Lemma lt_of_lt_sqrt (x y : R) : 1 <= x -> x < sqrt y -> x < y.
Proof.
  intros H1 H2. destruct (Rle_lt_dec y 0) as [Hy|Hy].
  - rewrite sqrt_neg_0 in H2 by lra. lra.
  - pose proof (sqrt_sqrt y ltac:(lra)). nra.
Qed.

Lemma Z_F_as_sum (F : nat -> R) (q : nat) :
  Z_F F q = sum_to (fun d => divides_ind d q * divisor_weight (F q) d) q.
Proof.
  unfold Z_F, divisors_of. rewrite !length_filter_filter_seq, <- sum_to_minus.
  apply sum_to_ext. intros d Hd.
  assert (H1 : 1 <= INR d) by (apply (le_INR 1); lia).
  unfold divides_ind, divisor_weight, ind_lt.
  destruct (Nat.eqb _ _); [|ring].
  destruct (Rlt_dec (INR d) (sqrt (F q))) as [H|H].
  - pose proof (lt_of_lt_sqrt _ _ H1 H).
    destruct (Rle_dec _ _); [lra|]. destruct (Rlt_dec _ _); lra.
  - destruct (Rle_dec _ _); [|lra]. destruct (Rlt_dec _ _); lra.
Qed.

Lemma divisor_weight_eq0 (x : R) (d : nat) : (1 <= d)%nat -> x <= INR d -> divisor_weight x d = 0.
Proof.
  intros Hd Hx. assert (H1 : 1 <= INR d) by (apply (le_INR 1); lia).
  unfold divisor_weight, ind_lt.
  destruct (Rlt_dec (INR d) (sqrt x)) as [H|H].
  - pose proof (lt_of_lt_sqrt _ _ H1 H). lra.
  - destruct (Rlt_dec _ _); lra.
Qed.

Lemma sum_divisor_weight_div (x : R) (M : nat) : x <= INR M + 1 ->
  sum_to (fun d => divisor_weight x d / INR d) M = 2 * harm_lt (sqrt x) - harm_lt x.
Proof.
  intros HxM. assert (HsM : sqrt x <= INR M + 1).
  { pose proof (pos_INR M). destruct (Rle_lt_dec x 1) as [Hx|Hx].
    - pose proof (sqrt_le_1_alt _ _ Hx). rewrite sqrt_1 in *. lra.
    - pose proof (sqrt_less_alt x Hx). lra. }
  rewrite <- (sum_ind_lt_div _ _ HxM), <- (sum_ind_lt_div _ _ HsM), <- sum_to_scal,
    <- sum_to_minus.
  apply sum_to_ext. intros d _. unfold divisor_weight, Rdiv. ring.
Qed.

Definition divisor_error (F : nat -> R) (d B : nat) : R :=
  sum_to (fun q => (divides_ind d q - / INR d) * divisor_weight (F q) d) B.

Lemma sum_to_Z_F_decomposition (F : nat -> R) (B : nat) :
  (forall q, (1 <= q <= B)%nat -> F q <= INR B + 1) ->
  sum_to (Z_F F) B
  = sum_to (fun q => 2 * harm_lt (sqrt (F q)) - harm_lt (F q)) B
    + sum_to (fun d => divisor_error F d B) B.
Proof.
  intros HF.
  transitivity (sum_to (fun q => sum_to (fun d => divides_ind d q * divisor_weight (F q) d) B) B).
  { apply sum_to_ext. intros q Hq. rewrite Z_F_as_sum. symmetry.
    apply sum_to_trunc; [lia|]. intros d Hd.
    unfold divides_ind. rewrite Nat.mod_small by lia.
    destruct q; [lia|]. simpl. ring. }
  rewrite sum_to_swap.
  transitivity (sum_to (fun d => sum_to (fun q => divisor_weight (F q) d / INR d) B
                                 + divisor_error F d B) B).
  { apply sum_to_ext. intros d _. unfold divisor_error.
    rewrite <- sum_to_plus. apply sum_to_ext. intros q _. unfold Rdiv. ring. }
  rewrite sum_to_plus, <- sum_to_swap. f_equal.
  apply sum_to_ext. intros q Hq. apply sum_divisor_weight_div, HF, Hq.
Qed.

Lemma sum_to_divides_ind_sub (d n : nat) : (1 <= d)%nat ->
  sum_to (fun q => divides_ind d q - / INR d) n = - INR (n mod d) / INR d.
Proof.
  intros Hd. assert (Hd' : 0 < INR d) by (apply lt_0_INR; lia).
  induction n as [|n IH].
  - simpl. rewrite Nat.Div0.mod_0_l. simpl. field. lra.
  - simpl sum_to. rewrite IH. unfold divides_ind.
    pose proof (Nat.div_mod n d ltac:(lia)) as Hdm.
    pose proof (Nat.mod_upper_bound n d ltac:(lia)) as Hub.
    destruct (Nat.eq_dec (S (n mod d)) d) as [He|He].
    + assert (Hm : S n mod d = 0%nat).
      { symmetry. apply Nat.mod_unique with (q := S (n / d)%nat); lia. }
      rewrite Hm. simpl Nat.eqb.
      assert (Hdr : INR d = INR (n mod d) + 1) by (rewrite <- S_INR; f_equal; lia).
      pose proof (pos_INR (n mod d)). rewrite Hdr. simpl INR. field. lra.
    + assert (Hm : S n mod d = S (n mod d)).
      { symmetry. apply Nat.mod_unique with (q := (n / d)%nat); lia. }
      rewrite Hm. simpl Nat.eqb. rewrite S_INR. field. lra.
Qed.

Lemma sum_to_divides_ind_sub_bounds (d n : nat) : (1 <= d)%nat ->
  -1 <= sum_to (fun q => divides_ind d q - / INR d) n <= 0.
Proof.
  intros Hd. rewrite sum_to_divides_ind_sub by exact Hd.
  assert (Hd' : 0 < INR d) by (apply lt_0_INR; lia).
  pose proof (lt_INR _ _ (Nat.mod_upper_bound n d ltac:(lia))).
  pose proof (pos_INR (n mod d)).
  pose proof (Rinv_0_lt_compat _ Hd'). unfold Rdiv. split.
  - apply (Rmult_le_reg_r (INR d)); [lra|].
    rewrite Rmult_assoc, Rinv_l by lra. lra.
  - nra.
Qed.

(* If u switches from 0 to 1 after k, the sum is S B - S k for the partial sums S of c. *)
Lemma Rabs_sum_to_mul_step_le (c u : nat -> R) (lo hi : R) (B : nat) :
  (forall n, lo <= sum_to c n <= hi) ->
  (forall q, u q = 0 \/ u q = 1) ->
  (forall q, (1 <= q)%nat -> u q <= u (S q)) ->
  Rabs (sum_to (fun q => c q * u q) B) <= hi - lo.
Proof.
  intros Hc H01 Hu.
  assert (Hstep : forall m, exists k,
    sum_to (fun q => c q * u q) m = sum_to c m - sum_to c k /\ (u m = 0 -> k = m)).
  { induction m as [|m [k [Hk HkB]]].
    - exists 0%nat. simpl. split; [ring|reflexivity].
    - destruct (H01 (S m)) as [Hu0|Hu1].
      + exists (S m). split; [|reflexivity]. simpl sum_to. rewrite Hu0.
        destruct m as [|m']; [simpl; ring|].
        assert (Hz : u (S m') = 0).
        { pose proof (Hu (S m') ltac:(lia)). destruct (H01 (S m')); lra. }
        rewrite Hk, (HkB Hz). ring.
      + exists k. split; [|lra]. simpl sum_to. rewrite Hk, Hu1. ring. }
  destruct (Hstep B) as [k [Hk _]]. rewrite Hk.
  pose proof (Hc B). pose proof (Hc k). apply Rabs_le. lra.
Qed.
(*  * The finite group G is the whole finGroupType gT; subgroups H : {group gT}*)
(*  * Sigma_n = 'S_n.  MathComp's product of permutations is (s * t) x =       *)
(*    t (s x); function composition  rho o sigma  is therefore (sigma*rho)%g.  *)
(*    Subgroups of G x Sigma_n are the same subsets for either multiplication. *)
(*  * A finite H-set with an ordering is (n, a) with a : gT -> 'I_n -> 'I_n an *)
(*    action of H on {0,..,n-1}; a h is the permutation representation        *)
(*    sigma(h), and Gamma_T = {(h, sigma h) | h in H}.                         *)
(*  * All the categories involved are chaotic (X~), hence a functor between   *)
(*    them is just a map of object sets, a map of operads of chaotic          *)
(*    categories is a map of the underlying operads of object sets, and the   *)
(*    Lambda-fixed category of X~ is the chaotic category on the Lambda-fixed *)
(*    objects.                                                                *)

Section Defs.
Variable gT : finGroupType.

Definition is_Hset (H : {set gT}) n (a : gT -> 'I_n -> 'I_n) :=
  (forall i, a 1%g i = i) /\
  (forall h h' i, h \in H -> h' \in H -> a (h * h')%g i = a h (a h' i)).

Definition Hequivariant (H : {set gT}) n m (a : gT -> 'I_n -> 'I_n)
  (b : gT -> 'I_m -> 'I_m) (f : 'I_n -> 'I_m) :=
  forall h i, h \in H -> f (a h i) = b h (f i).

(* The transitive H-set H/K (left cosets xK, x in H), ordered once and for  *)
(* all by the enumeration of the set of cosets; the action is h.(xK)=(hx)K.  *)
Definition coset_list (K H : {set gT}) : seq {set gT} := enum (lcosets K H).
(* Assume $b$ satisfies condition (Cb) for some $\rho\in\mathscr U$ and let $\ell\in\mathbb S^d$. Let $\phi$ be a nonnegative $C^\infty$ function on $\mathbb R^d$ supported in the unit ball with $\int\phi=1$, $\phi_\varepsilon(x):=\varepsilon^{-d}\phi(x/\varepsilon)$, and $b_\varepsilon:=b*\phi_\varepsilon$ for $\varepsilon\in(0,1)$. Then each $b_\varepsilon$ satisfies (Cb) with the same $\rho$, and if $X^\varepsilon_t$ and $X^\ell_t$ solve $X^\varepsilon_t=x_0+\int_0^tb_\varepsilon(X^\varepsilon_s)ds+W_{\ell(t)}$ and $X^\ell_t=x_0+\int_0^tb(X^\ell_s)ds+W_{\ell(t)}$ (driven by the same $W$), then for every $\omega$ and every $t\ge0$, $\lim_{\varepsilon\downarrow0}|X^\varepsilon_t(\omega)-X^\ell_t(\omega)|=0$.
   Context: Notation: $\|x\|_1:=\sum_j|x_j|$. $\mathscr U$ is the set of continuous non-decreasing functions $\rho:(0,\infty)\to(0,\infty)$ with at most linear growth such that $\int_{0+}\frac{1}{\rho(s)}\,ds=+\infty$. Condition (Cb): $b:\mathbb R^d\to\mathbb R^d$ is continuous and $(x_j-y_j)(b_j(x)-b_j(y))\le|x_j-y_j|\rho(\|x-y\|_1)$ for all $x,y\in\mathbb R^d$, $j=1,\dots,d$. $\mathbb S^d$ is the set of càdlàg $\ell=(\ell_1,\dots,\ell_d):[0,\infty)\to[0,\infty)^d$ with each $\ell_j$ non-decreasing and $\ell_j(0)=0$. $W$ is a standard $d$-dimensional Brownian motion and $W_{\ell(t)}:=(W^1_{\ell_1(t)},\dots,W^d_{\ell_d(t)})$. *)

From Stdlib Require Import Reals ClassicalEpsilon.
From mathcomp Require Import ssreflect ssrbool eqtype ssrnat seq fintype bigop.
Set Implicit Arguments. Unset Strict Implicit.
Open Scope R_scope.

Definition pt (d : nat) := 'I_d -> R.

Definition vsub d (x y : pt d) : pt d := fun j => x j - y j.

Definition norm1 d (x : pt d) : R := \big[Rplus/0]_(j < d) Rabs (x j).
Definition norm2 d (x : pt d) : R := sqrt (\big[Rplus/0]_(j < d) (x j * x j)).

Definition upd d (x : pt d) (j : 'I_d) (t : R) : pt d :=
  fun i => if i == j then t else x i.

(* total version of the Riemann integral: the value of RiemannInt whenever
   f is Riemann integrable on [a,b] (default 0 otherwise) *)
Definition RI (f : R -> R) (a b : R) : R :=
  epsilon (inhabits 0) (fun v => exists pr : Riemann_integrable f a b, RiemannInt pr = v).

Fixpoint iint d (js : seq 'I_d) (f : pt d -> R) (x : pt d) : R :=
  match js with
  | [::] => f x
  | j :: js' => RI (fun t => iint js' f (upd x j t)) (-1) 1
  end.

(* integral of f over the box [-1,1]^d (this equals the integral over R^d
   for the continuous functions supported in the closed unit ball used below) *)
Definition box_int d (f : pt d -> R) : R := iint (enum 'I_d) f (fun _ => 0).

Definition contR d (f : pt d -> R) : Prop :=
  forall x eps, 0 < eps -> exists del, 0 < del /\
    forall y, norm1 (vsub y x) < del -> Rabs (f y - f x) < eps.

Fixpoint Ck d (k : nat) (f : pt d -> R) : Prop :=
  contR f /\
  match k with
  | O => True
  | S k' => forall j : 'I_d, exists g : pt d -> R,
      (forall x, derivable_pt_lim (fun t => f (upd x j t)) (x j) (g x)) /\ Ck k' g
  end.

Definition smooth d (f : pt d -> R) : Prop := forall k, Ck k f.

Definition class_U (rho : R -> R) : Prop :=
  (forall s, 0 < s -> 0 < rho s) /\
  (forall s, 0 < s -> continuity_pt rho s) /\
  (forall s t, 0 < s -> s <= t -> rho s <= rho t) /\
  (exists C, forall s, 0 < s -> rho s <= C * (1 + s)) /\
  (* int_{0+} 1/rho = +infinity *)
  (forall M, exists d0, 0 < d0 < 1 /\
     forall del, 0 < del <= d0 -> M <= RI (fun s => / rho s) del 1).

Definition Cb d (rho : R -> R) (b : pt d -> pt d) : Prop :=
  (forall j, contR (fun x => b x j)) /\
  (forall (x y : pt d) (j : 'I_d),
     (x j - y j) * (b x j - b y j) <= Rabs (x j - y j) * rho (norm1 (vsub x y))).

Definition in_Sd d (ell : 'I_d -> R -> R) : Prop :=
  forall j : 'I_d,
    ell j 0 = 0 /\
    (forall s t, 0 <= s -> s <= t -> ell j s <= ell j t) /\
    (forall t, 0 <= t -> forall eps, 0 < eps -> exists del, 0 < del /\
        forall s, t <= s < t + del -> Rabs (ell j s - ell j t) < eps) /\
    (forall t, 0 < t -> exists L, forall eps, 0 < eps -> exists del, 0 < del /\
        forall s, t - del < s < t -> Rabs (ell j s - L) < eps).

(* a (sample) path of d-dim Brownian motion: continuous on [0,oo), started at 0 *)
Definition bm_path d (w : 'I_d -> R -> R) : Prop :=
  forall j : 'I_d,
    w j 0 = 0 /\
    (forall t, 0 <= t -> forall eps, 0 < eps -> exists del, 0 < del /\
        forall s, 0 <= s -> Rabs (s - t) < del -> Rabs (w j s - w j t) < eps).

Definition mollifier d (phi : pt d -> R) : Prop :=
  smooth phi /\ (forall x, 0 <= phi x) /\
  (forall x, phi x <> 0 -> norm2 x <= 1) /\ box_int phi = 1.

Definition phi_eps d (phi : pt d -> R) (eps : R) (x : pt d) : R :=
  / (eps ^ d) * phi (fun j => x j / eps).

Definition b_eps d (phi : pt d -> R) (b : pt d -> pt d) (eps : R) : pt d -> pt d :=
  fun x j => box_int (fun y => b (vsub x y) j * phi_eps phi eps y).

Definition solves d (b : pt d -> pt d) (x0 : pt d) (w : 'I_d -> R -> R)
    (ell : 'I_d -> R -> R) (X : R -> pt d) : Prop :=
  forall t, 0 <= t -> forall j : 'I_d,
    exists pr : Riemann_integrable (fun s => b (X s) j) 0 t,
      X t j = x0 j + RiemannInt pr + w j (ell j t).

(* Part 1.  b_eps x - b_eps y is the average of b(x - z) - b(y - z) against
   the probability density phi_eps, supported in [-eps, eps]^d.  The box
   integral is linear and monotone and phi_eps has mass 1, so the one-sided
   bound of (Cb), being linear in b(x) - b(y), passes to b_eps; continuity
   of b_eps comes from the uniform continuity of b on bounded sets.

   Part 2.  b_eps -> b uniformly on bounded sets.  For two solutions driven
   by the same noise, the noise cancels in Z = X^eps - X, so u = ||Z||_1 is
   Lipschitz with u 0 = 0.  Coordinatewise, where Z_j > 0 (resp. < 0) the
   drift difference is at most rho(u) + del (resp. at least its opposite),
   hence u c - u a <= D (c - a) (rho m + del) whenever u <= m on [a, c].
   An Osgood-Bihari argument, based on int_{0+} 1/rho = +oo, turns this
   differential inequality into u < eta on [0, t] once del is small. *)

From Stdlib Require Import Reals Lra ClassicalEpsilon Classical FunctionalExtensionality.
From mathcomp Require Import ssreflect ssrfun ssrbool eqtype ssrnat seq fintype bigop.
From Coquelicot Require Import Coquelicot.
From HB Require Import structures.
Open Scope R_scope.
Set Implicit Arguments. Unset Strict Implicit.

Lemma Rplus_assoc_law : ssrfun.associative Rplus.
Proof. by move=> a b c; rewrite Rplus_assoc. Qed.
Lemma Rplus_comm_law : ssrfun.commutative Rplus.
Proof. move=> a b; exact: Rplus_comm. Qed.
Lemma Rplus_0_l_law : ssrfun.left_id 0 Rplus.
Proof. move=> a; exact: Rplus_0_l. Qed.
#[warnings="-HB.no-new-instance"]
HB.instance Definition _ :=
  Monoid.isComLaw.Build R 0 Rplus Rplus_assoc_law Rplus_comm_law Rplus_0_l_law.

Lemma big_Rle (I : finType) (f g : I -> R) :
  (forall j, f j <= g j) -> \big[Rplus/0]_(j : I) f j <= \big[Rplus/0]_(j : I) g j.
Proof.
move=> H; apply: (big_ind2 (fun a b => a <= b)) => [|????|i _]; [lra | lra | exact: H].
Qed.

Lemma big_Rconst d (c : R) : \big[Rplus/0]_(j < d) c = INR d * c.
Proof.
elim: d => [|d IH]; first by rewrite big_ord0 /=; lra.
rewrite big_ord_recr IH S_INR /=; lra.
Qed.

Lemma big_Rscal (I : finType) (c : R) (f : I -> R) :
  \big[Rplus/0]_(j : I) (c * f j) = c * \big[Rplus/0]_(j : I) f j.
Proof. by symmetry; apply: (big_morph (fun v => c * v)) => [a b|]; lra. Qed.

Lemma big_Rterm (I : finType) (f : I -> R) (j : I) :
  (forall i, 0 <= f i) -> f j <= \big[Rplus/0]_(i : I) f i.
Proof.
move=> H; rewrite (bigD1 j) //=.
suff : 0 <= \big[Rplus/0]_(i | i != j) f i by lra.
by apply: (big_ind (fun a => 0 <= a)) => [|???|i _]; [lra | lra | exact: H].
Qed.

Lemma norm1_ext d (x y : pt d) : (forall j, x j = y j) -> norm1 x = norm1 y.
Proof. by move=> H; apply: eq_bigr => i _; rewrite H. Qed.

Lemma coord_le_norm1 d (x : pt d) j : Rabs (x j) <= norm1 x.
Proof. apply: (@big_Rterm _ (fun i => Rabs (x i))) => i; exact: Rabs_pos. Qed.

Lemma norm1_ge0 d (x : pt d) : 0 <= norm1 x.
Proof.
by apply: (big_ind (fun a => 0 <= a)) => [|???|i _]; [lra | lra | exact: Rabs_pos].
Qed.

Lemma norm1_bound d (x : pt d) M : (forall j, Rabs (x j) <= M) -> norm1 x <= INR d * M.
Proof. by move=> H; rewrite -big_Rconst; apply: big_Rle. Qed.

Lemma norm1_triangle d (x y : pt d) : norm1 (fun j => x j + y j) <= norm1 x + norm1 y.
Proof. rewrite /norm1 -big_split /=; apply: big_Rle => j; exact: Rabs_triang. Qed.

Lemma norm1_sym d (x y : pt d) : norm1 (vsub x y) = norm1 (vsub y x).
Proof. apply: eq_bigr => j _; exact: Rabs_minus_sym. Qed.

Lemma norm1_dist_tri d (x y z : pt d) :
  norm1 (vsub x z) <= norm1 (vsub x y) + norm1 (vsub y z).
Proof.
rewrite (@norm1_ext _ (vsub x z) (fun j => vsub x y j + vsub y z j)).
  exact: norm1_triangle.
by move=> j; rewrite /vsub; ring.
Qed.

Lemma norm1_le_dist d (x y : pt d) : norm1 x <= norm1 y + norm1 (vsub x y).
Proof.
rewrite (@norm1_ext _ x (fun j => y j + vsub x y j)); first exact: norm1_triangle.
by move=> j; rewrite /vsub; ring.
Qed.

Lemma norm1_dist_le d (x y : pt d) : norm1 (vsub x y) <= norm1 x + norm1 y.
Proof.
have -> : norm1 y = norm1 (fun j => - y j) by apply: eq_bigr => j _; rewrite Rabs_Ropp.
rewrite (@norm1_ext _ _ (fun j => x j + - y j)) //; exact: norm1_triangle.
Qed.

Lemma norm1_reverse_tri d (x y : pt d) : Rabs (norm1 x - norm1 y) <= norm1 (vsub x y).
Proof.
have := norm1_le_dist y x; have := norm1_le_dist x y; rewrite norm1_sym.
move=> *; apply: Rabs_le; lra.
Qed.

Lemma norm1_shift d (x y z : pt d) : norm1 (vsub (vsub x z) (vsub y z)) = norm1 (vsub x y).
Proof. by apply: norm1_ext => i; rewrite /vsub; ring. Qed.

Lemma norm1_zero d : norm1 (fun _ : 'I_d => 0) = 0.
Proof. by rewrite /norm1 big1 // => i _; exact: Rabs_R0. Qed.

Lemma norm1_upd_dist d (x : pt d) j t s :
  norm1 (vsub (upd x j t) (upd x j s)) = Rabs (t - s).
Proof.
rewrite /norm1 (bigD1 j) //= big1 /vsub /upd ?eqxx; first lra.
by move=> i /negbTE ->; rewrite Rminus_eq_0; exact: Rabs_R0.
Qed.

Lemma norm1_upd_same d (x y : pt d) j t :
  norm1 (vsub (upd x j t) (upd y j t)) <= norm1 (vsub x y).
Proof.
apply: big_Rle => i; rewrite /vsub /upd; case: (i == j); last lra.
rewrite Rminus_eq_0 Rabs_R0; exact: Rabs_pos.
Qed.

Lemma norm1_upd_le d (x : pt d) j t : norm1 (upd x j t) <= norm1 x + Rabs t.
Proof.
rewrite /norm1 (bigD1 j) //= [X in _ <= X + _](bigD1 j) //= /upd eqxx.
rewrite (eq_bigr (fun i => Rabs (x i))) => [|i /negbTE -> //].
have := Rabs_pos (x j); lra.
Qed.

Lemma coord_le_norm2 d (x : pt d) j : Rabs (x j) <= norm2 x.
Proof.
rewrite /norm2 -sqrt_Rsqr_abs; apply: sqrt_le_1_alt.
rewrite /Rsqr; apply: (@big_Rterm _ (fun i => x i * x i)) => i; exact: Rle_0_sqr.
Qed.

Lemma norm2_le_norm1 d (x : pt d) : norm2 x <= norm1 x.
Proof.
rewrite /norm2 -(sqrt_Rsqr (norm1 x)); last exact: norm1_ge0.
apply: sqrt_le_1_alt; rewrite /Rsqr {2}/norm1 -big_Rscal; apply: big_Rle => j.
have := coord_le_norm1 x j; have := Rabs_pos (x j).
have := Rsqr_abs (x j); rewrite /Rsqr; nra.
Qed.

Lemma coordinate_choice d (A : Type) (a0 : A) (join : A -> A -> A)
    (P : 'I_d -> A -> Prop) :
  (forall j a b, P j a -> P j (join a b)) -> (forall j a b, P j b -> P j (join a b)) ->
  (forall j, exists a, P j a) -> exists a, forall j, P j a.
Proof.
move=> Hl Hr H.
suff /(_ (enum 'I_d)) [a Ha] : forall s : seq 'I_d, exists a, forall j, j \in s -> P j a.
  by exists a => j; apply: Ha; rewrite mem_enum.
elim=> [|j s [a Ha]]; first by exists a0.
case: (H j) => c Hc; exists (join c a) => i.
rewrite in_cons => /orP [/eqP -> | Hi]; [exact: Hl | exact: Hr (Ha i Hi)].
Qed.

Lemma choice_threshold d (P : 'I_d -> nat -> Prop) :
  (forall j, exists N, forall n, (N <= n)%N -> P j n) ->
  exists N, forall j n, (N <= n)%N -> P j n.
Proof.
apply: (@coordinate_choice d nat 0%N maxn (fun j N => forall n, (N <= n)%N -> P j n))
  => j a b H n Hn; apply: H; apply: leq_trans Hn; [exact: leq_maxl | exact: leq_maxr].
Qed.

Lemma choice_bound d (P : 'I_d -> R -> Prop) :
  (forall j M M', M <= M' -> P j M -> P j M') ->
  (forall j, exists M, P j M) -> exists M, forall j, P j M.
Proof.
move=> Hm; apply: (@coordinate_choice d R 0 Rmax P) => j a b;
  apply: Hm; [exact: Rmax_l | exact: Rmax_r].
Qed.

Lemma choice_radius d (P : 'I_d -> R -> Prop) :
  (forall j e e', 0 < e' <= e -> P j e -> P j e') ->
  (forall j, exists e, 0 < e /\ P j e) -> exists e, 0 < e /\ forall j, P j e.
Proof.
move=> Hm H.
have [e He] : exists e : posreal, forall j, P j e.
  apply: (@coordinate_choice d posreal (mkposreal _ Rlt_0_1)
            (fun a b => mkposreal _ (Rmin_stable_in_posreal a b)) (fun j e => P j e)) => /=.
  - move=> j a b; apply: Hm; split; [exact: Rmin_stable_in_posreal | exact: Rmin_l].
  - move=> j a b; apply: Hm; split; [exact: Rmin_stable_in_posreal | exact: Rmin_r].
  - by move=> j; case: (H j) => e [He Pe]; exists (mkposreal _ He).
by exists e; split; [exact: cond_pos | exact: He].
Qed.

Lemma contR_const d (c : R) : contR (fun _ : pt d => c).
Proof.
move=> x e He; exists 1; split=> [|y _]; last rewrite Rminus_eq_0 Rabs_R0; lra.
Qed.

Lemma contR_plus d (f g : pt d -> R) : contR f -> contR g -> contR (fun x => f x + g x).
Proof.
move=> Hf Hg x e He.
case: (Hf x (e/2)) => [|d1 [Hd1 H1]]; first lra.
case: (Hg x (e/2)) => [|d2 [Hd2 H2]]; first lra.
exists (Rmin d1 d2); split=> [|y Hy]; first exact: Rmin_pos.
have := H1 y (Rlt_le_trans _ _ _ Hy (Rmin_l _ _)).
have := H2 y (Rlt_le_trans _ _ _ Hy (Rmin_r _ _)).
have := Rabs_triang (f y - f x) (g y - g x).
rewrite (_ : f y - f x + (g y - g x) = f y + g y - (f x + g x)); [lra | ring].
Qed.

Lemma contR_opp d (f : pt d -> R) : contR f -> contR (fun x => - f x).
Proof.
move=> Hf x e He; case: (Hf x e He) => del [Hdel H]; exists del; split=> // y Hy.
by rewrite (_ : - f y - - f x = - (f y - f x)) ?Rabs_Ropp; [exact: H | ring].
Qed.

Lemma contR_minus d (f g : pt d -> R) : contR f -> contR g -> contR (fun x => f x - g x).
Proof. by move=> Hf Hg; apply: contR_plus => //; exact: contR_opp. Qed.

##############################

Exercise aim:
Which lines of the records contain the word "operads"? Copy each of them.

Solution:
(*    them is just a map of object sets, a map of operads of chaotic          *)
(*    categories is a map of the underlying operads of object sets, and the   *)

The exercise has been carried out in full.